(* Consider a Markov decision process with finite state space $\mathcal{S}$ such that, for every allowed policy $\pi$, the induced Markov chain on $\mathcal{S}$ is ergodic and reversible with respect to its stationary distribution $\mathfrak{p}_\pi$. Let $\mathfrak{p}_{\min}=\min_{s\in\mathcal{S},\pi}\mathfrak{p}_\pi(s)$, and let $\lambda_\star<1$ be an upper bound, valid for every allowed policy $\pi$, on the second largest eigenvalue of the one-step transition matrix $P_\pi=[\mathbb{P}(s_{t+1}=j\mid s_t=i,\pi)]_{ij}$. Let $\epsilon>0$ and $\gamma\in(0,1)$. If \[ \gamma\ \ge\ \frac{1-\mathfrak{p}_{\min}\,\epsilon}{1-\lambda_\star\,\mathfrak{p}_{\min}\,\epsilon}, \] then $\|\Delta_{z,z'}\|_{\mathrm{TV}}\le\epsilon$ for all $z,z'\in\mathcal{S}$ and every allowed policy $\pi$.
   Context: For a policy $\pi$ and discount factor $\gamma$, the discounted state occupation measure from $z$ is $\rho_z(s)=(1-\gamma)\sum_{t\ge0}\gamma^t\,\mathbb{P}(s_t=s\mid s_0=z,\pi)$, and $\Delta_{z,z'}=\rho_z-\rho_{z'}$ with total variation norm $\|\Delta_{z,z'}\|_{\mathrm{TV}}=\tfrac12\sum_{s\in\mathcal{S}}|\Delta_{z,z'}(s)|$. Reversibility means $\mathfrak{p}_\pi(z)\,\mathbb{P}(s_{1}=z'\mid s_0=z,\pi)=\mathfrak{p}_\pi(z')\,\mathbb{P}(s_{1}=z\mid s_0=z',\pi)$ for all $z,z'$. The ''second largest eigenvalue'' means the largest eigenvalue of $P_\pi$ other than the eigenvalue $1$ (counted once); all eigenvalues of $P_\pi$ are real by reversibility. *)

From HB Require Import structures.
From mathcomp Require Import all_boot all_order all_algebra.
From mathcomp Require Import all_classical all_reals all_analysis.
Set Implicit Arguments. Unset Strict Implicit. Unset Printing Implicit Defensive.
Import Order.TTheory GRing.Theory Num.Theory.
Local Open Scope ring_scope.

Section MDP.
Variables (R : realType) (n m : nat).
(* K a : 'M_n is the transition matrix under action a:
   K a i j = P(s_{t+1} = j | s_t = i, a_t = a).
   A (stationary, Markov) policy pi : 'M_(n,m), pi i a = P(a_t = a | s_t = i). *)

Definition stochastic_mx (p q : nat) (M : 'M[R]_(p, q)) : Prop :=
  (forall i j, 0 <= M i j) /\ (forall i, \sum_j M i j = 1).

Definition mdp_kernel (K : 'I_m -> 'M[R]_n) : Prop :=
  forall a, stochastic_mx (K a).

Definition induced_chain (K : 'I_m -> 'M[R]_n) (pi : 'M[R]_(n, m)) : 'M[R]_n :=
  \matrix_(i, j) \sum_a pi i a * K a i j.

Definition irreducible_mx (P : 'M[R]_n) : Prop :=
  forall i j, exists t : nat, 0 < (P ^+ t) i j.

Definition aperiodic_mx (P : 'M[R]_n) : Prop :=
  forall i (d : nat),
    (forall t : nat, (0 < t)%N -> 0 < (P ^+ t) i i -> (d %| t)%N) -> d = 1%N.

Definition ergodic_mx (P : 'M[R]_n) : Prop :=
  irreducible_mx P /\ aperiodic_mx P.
• • • • • • •
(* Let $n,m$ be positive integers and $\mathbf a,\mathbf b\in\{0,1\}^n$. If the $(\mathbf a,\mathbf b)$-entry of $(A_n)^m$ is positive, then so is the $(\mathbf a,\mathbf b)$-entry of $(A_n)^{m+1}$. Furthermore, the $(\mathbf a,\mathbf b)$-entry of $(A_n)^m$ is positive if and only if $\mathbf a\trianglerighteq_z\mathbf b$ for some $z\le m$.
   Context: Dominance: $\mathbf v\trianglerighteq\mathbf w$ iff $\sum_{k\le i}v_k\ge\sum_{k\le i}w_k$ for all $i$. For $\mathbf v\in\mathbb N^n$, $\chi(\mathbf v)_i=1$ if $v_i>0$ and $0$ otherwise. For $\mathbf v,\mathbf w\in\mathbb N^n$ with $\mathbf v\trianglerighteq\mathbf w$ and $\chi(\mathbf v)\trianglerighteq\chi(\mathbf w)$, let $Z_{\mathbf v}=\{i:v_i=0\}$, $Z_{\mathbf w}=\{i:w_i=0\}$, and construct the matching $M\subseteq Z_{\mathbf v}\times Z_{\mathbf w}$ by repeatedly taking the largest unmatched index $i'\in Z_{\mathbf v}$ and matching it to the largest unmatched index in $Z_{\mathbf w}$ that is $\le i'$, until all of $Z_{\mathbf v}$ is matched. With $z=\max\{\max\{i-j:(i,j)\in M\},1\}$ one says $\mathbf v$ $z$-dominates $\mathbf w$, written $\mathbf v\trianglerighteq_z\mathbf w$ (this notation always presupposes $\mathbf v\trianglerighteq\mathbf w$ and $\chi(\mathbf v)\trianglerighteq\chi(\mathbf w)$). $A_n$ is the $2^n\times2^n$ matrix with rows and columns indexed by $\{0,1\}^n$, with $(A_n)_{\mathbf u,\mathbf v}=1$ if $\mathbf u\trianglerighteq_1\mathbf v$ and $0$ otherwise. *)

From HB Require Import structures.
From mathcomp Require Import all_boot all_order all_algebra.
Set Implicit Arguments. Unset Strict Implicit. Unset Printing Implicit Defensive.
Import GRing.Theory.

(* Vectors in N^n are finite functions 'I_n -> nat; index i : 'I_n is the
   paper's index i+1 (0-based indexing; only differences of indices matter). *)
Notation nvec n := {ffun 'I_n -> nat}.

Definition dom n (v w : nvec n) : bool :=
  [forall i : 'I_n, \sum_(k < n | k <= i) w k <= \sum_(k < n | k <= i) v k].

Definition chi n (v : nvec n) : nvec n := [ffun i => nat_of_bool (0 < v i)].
• • • • • • •
*Exercise requirements*: Scan the records above for the string "Markov", then select every line that holds it.

*Output below*:
(* Consider a Markov decision process with finite state space $\mathcal{S}$ such that, for every allowed policy $\pi$, the induced Markov chain on $\mathcal{S}$ is ergodic and reversible with respect to its stationary distribution $\mathfrak{p}_\pi$. Let $\mathfrak{p}_{\min}=\min_{s\in\mathcal{S},\pi}\mathfrak{p}_\pi(s)$, and let $\lambda_\star<1$ be an upper bound, valid for every allowed policy $\pi$, on the second largest eigenvalue of the one-step transition matrix $P_\pi=[\mathbb{P}(s_{t+1}=j\mid s_t=i,\pi)]_{ij}$. Let $\epsilon>0$ and $\gamma\in(0,1)$. If \[ \gamma\ \ge\ \frac{1-\mathfrak{p}_{\min}\,\epsilon}{1-\lambda_\star\,\mathfrak{p}_{\min}\,\epsilon}, \] then $\|\Delta_{z,z'}\|_{\mathrm{TV}}\le\epsilon$ for all $z,z'\in\mathcal{S}$ and every allowed policy $\pi$.
   A (stationary, Markov) policy pi : 'M_(n,m), pi i a = P(a_t = a | s_t = i). *)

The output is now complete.